* Exercise prompt *
Collect all lines containing the word "Import" from the data.

Excerpts from a dataset
**********

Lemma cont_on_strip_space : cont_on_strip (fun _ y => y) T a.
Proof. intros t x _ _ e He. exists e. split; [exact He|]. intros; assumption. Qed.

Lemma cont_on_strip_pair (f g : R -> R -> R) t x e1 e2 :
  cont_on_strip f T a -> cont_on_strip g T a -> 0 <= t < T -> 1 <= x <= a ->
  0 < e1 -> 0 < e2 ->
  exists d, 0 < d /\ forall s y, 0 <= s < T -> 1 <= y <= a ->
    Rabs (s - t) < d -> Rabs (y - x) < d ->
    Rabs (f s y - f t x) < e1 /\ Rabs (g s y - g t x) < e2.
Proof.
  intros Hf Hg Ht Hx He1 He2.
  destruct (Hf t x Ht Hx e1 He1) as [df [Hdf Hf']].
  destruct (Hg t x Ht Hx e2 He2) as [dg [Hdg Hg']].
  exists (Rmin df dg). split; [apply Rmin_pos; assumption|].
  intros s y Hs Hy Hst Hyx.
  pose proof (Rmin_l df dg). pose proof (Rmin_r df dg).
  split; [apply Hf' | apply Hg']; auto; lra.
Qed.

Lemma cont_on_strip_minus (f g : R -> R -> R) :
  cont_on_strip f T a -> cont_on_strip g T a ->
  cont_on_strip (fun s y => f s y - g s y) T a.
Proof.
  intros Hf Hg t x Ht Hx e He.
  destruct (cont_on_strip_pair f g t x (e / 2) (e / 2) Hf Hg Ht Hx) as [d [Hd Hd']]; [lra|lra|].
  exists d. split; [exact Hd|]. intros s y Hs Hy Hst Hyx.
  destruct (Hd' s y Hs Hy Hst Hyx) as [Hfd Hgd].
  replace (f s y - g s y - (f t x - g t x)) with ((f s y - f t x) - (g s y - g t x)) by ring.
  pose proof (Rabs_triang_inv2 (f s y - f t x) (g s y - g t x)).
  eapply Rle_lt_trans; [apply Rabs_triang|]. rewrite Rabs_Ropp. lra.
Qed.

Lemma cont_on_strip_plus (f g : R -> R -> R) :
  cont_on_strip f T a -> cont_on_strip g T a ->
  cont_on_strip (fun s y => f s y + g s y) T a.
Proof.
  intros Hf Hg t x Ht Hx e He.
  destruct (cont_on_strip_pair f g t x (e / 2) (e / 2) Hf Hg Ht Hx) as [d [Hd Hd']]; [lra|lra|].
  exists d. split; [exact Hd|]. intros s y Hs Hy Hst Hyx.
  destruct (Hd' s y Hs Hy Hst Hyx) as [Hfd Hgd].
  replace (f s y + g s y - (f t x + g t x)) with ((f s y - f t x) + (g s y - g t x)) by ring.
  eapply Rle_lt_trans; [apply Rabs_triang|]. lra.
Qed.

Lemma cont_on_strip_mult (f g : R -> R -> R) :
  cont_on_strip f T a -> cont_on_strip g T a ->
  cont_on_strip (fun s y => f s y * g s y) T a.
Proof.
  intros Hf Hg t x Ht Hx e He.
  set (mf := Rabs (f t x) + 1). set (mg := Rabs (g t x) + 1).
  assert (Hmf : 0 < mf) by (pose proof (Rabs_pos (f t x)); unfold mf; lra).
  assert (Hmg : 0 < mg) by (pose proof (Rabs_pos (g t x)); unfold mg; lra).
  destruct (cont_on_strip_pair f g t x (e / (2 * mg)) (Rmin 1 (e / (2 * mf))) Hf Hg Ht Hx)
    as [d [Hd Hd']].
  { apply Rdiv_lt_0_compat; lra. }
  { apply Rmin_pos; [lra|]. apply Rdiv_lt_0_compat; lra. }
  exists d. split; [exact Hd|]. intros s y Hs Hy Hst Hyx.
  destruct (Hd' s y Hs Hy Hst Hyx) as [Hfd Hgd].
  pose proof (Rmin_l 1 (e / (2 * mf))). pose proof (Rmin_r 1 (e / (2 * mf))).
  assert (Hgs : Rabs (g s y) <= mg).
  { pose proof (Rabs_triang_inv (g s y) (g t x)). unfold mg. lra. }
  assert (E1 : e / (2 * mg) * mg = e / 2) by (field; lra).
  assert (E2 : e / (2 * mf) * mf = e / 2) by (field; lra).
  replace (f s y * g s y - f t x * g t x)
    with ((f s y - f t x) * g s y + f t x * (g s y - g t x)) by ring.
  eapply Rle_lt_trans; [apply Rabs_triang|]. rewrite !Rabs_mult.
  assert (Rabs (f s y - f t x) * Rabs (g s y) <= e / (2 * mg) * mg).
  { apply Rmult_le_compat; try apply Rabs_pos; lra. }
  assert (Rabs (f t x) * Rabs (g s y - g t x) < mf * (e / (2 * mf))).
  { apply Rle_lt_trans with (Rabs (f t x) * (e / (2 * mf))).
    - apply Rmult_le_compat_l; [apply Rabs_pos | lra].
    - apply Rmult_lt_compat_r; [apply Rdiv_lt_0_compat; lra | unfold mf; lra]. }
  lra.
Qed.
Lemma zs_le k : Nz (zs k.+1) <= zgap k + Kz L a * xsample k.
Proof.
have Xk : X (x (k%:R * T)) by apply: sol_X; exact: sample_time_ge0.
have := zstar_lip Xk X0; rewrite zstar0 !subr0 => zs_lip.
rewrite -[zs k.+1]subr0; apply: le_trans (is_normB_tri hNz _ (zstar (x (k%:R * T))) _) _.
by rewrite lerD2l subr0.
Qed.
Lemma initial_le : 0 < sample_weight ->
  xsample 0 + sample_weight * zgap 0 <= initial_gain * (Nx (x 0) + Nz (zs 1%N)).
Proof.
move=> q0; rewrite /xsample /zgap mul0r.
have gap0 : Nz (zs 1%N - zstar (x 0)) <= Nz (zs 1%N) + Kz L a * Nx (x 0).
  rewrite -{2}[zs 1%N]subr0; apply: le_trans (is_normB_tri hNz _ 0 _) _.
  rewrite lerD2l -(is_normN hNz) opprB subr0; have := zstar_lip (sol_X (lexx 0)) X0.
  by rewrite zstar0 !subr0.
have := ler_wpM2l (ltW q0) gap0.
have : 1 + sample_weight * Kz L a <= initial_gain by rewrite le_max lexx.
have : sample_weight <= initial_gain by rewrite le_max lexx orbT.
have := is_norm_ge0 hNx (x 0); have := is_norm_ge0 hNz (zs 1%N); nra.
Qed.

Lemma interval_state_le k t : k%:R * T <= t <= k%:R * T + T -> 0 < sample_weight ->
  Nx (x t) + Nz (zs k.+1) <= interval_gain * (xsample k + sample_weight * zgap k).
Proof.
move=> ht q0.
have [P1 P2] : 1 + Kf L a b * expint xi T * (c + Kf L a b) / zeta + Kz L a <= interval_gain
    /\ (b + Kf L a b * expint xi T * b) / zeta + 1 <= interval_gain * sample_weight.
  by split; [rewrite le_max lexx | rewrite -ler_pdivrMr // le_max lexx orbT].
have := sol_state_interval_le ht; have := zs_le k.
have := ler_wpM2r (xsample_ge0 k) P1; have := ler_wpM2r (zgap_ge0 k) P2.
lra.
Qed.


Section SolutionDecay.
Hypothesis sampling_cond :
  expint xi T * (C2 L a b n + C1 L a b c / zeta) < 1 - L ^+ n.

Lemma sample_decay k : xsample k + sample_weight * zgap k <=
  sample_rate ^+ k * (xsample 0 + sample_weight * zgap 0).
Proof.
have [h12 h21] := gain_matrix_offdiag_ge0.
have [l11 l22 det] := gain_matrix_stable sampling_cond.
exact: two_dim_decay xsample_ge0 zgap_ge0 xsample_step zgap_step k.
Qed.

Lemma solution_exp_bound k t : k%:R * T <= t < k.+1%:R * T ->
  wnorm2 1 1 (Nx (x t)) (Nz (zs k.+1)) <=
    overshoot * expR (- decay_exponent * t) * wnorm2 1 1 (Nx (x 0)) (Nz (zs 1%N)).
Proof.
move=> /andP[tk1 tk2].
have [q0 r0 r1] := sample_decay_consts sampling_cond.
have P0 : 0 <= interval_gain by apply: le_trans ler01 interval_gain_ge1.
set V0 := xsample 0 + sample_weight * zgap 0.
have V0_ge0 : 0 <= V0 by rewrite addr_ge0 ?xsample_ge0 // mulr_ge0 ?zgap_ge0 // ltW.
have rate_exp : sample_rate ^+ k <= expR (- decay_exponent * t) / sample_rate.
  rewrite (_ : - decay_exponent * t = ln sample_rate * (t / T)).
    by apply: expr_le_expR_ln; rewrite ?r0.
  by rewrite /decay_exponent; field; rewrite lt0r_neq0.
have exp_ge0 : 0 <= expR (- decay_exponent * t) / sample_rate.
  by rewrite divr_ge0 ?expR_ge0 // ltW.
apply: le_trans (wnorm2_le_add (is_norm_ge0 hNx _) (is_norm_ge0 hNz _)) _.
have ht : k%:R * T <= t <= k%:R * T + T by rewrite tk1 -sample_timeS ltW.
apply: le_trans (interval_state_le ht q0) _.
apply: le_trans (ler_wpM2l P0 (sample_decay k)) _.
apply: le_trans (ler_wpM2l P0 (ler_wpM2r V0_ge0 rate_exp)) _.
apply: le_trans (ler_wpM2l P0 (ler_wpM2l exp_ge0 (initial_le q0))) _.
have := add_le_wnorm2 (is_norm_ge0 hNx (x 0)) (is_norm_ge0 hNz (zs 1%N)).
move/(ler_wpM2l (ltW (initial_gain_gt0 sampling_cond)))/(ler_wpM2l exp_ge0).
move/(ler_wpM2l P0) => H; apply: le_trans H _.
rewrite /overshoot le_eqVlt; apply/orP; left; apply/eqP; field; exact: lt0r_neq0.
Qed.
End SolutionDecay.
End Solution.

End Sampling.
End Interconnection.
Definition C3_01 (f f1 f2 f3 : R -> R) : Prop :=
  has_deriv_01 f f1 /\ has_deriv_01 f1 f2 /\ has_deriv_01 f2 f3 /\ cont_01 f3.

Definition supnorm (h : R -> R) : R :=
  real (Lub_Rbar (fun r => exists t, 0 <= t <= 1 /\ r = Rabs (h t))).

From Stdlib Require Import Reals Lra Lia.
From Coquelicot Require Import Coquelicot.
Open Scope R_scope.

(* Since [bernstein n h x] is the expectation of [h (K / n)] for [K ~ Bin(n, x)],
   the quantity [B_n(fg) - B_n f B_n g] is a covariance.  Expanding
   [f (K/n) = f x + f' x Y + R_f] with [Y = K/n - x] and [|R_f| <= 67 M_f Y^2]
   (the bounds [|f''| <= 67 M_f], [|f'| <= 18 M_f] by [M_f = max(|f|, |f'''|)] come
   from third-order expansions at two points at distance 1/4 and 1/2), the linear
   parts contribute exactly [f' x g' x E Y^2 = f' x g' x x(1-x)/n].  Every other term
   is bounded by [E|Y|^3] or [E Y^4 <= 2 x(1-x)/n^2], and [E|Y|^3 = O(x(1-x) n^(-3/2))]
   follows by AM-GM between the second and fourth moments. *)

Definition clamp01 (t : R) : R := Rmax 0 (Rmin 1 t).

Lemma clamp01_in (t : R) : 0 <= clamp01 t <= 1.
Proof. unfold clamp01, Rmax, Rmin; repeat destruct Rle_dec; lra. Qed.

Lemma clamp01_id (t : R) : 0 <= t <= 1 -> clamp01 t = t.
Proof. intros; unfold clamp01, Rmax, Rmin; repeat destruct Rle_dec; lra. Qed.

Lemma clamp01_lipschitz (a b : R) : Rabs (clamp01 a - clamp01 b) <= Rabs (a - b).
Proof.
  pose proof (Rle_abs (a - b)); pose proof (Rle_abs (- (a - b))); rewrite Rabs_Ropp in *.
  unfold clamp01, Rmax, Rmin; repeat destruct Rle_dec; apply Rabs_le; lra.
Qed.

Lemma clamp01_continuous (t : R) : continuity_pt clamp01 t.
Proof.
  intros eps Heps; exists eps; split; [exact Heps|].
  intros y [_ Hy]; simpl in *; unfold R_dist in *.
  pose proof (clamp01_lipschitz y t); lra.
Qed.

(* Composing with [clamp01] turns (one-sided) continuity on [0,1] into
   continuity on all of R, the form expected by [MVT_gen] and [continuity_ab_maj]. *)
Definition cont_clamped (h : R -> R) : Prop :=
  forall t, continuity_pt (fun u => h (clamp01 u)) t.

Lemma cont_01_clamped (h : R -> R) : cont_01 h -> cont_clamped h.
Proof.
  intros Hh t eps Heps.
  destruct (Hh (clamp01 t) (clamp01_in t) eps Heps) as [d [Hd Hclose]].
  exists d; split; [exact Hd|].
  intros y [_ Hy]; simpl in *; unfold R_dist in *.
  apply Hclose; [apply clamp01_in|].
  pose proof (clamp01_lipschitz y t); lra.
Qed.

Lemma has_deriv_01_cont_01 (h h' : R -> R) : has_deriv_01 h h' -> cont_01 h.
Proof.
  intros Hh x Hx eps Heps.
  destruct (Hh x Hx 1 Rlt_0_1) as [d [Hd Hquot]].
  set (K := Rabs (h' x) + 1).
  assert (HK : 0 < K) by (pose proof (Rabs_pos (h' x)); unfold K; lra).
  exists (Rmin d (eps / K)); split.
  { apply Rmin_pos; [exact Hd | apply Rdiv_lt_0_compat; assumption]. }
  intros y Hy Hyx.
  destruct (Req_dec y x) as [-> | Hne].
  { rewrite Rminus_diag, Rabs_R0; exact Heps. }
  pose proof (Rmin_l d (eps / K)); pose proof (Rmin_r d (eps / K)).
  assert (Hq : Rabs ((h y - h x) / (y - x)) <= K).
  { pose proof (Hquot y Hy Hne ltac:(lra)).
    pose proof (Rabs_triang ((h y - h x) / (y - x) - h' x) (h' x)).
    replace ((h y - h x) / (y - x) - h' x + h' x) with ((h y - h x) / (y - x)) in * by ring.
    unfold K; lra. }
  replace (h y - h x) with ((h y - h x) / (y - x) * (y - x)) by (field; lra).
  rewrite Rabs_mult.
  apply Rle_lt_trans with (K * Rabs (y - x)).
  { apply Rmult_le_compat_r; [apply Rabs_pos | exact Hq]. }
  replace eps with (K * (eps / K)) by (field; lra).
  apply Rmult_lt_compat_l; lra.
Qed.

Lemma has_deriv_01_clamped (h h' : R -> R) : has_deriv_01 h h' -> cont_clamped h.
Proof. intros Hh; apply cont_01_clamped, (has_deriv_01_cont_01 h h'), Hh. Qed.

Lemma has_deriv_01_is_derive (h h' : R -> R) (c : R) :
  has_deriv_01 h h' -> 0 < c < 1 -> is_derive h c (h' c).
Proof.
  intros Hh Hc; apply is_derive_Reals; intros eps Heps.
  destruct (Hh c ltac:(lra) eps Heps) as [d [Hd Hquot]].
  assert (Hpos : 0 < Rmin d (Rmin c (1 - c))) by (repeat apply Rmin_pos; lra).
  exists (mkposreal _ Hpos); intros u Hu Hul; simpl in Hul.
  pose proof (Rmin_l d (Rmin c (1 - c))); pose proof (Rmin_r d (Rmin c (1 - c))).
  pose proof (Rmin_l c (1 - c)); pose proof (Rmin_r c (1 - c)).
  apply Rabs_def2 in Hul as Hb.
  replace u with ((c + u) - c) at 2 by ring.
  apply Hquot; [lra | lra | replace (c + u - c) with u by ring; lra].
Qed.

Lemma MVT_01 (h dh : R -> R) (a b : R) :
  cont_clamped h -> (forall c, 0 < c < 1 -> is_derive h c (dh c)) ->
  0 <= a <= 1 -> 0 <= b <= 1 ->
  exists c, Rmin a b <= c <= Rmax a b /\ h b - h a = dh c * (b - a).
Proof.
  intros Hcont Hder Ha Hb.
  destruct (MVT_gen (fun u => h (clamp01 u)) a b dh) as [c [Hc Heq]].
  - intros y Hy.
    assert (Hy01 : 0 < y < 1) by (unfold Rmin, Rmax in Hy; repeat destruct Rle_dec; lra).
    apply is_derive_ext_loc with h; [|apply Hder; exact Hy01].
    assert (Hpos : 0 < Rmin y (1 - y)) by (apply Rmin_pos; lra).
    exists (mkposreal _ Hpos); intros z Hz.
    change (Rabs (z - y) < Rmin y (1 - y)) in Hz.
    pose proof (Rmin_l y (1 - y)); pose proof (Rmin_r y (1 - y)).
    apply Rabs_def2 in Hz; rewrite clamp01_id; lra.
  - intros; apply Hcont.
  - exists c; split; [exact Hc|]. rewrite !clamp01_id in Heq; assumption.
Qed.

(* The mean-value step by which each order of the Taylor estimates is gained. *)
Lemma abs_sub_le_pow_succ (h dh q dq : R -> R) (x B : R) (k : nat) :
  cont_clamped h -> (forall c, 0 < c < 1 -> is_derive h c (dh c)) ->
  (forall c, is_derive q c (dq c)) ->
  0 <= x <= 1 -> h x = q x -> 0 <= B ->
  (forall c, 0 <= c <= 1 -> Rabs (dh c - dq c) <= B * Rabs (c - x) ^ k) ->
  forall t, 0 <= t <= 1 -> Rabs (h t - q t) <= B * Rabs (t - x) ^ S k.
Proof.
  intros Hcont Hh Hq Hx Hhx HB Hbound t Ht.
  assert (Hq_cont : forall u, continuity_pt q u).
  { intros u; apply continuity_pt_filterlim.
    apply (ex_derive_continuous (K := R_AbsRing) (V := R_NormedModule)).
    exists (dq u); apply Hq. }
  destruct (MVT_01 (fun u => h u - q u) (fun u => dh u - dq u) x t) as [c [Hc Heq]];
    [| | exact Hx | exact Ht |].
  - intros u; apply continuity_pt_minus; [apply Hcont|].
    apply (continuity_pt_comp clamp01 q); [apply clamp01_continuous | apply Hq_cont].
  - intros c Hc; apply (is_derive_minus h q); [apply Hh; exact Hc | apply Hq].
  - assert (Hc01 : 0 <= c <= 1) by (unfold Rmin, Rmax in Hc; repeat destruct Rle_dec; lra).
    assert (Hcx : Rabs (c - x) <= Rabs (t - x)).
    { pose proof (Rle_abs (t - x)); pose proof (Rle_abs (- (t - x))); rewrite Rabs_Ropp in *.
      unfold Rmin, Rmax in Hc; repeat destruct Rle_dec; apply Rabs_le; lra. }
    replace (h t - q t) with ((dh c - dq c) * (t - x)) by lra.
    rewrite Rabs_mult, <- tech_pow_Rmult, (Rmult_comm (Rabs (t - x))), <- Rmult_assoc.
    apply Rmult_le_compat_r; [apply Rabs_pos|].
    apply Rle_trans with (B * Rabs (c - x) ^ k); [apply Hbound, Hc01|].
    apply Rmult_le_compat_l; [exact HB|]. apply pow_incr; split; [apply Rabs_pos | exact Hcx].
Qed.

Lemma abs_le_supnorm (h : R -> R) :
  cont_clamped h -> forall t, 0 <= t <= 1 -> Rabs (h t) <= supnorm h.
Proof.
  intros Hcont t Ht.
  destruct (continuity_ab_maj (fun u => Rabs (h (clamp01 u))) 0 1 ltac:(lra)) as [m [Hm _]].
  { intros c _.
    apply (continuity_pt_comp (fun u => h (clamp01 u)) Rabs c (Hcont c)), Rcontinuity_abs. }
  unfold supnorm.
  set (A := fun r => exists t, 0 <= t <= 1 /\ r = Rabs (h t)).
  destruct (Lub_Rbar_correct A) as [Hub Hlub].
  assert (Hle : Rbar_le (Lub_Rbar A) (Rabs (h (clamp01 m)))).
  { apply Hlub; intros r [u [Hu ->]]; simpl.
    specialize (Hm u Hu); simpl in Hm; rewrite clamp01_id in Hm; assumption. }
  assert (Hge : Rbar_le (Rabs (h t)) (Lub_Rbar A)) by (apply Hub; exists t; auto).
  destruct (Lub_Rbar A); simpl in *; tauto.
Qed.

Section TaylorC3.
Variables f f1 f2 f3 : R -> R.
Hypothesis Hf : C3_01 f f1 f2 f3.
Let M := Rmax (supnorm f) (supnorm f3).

**********

* Result of the task *
From Stdlib Require Import Reals Lra Lia.
From Coquelicot Require Import Coquelicot.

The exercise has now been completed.